**PROBLEM TO SOLVE**: Look through the records below for the line with "(a b : assignment D) : Prop" and the line with "[|| cp N x y, iarc N x y", then return those lines and all lines between, exactly.

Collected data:
== Segment start ==
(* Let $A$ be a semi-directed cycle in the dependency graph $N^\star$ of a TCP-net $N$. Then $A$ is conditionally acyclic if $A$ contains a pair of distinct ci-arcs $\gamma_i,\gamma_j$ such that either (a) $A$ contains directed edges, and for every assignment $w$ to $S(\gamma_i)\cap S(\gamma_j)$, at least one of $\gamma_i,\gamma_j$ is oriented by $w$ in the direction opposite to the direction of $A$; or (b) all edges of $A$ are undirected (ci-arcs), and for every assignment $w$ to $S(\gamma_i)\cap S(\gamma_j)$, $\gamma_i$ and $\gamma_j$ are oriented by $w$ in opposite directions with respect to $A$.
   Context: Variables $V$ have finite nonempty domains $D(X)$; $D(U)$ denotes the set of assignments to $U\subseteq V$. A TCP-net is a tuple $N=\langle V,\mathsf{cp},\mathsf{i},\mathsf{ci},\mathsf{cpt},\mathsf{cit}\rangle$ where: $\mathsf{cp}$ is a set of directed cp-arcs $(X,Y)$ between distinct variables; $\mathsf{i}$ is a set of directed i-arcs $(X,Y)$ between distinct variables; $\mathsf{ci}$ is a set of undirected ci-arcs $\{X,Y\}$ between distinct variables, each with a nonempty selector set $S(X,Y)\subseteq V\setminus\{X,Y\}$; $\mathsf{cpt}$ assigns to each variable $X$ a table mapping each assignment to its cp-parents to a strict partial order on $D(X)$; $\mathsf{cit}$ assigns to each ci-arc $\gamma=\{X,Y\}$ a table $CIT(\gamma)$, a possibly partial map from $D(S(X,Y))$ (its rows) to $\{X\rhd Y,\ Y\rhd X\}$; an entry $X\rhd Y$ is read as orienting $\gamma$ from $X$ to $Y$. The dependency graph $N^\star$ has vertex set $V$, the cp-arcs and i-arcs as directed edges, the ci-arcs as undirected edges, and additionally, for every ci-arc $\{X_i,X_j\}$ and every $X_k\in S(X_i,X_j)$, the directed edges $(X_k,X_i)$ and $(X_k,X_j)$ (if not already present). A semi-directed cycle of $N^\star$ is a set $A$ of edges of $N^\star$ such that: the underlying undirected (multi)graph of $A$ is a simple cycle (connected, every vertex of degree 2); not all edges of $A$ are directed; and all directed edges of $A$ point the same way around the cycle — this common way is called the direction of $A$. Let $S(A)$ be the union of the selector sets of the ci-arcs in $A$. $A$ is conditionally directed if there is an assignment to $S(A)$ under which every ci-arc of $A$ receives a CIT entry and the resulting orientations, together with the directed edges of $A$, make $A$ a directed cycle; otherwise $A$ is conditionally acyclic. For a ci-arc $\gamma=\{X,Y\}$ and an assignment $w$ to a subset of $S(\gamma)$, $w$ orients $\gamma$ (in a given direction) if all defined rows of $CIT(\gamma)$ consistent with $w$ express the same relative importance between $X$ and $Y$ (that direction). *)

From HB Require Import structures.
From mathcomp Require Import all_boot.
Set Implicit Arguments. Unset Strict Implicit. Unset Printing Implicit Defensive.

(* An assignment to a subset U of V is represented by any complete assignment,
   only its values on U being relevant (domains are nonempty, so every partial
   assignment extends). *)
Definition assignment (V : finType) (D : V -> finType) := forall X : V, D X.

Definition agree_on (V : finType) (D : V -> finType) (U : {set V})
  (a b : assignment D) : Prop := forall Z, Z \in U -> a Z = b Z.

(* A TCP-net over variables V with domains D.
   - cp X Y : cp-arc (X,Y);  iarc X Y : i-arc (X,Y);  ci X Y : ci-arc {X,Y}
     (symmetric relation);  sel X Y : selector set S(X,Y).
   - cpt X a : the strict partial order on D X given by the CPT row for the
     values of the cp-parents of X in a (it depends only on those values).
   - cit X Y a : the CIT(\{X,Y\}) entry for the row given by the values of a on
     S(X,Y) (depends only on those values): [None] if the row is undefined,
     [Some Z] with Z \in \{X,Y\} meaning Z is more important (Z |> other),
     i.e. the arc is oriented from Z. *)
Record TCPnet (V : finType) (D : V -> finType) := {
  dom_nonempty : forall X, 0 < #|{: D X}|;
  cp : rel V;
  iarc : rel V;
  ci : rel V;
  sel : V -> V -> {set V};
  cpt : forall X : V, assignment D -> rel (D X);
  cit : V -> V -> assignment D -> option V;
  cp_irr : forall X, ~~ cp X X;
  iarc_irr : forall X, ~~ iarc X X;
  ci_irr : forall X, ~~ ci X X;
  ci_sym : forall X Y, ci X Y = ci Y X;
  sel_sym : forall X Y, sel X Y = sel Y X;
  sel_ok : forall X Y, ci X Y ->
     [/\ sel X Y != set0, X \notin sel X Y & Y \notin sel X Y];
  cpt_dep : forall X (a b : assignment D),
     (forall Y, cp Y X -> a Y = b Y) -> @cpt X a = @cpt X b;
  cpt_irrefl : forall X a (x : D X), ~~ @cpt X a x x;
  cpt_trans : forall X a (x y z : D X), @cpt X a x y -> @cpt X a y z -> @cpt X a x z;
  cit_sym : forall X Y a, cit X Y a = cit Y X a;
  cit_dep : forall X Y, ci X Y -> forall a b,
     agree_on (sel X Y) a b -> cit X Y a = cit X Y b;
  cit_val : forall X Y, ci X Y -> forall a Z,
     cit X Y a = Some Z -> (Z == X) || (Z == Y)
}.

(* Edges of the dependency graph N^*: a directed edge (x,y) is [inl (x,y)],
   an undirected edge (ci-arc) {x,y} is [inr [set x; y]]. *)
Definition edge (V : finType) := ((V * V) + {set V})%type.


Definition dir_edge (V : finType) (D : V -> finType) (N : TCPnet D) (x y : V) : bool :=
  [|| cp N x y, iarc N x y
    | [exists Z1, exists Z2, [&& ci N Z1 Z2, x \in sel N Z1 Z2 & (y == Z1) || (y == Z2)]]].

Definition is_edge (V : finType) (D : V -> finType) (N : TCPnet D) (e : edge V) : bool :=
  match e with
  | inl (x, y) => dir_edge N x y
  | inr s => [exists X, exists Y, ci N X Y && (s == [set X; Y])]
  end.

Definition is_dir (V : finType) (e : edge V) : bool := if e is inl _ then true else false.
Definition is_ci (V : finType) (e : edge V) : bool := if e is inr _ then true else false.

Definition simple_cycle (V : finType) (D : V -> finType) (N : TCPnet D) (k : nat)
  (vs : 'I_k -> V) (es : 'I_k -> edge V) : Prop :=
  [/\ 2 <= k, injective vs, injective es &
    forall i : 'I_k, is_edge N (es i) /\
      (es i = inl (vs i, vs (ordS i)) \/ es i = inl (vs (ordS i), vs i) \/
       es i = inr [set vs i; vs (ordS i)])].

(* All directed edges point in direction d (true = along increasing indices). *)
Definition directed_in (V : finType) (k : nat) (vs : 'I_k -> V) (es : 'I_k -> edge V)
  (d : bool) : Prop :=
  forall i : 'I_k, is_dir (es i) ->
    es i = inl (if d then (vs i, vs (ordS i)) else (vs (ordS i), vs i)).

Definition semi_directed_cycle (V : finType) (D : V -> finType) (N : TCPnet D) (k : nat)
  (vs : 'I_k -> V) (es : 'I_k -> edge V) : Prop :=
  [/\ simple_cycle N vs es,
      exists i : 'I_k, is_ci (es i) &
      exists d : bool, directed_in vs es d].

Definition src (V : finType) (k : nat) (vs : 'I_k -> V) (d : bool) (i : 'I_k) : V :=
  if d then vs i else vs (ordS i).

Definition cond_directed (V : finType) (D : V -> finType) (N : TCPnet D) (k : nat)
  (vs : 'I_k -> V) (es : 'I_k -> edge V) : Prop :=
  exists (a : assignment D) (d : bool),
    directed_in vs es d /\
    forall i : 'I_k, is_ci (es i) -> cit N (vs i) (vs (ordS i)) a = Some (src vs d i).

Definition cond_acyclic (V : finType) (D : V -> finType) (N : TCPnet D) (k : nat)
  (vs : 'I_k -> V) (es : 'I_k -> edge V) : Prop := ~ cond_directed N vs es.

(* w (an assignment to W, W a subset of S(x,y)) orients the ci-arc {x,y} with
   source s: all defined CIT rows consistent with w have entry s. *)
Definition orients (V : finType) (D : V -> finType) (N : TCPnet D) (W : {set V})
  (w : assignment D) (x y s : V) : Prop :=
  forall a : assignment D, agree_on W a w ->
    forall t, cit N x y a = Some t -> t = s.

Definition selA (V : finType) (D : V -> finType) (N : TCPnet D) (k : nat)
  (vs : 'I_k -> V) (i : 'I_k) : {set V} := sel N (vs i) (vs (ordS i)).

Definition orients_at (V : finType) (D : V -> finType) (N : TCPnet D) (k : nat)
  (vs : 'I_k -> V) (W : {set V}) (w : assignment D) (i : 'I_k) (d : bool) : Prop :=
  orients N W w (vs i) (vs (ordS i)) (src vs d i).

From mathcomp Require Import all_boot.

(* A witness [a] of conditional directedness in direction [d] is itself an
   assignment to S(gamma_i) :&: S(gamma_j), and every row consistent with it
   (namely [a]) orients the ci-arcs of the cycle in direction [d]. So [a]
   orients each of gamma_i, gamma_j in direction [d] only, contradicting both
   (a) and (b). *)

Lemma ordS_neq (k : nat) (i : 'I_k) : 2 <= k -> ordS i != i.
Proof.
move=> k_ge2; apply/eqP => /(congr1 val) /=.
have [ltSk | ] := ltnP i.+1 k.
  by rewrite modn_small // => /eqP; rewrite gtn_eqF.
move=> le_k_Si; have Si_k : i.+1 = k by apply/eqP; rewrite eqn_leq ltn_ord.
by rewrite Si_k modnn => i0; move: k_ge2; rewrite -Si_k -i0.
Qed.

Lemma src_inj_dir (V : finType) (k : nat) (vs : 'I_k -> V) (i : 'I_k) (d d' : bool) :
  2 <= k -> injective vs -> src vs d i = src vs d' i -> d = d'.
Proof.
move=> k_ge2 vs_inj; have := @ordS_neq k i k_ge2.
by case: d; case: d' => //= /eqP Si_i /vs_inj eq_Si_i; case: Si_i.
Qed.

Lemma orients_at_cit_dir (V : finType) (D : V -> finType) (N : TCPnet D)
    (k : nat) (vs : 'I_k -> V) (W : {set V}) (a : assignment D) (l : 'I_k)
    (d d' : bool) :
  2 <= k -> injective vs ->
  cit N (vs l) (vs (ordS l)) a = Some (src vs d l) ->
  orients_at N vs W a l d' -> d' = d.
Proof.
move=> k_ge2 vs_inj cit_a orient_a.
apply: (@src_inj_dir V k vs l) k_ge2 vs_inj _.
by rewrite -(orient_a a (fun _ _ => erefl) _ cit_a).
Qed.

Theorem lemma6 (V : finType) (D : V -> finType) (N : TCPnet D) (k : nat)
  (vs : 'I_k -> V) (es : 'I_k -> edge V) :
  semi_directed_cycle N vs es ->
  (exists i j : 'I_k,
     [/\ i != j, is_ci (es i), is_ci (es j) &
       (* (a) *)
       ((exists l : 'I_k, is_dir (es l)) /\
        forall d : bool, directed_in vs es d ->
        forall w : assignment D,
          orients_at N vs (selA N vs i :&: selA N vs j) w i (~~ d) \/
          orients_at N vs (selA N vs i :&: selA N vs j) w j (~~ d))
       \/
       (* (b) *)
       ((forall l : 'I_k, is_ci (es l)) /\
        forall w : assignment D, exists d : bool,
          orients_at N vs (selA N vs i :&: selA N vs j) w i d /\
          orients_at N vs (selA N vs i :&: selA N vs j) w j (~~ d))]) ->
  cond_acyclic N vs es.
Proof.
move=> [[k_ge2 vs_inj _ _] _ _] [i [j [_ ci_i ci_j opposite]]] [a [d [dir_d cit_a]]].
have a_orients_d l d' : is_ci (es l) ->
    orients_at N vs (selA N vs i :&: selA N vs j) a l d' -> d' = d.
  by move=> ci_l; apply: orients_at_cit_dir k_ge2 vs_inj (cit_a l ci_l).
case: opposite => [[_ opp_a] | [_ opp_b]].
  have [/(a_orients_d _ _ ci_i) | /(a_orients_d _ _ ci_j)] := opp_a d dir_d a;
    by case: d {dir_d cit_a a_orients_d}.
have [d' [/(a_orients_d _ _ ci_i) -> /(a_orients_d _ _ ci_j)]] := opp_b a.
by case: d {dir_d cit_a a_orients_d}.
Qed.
== Segment end ==
== Segment start ==
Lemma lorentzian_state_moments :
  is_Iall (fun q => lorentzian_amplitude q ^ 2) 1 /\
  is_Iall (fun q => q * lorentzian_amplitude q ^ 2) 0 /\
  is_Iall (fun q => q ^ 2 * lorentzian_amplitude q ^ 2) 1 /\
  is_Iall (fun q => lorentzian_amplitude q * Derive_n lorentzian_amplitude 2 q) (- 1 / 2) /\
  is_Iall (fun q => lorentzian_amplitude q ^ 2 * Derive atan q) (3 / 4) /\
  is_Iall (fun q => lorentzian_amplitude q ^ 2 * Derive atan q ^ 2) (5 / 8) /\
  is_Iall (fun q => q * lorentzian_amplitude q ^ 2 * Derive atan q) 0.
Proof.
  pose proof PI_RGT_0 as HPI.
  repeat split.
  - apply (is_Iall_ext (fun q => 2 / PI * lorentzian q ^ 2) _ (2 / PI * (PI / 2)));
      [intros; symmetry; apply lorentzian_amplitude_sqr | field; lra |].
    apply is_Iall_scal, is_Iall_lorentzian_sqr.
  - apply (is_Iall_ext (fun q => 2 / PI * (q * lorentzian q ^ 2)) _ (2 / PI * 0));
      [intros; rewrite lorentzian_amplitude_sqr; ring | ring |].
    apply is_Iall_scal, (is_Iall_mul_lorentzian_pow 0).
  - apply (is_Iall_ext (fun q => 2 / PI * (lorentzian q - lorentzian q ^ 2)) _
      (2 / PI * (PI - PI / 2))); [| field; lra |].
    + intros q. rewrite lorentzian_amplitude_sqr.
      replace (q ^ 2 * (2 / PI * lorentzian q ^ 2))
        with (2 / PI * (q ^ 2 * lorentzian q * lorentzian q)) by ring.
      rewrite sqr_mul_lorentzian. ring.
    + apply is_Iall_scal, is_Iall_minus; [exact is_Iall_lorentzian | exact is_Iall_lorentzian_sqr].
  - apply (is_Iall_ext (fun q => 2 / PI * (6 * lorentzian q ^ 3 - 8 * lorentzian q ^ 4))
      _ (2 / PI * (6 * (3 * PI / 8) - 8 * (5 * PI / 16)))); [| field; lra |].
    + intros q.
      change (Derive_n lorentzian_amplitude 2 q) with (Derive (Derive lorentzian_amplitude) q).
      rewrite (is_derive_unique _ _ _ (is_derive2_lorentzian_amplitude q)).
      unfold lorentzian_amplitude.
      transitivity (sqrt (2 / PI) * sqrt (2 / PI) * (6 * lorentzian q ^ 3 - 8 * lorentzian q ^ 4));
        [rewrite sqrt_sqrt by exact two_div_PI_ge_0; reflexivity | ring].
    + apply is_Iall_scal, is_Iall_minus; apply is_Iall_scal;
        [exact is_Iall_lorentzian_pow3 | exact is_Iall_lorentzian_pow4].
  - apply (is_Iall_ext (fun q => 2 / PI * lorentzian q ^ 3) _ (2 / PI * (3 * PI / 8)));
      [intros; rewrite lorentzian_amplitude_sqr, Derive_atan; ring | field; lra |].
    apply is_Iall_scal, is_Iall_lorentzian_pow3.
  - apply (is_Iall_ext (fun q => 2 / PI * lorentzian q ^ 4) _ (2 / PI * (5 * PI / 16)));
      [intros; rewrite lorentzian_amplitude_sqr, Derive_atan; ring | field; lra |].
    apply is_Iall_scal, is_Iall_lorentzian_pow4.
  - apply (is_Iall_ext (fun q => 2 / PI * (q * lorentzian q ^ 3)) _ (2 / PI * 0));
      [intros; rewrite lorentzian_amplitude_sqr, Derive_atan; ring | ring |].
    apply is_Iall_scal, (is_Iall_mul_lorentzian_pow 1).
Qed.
== Segment end ==
**EXERCISE SOLUTION**:
  (a b : assignment D) : Prop := forall Z, Z \in U -> a Z = b Z.

(* A TCP-net over variables V with domains D.
   - cp X Y : cp-arc (X,Y);  iarc X Y : i-arc (X,Y);  ci X Y : ci-arc {X,Y}
     (symmetric relation);  sel X Y : selector set S(X,Y).
   - cpt X a : the strict partial order on D X given by the CPT row for the
     values of the cp-parents of X in a (it depends only on those values).
   - cit X Y a : the CIT(\{X,Y\}) entry for the row given by the values of a on
     S(X,Y) (depends only on those values): [None] if the row is undefined,
     [Some Z] with Z \in \{X,Y\} meaning Z is more important (Z |> other),
     i.e. the arc is oriented from Z. *)
Record TCPnet (V : finType) (D : V -> finType) := {
  dom_nonempty : forall X, 0 < #|{: D X}|;
  cp : rel V;
  iarc : rel V;
  ci : rel V;
  sel : V -> V -> {set V};
  cpt : forall X : V, assignment D -> rel (D X);
  cit : V -> V -> assignment D -> option V;
  cp_irr : forall X, ~~ cp X X;
  iarc_irr : forall X, ~~ iarc X X;
  ci_irr : forall X, ~~ ci X X;
  ci_sym : forall X Y, ci X Y = ci Y X;
  sel_sym : forall X Y, sel X Y = sel Y X;
  sel_ok : forall X Y, ci X Y ->
     [/\ sel X Y != set0, X \notin sel X Y & Y \notin sel X Y];
  cpt_dep : forall X (a b : assignment D),
     (forall Y, cp Y X -> a Y = b Y) -> @cpt X a = @cpt X b;
  cpt_irrefl : forall X a (x : D X), ~~ @cpt X a x x;
  cpt_trans : forall X a (x y z : D X), @cpt X a x y -> @cpt X a y z -> @cpt X a x z;
  cit_sym : forall X Y a, cit X Y a = cit Y X a;
  cit_dep : forall X Y, ci X Y -> forall a b,
     agree_on (sel X Y) a b -> cit X Y a = cit X Y b;
  cit_val : forall X Y, ci X Y -> forall a Z,
     cit X Y a = Some Z -> (Z == X) || (Z == Y)
}.

(* Edges of the dependency graph N^*: a directed edge (x,y) is [inl (x,y)],
   an undirected edge (ci-arc) {x,y} is [inr [set x; y]]. *)
Definition edge (V : finType) := ((V * V) + {set V})%type.


Definition dir_edge (V : finType) (D : V -> finType) (N : TCPnet D) (x y : V) : bool :=
  [|| cp N x y, iarc N x y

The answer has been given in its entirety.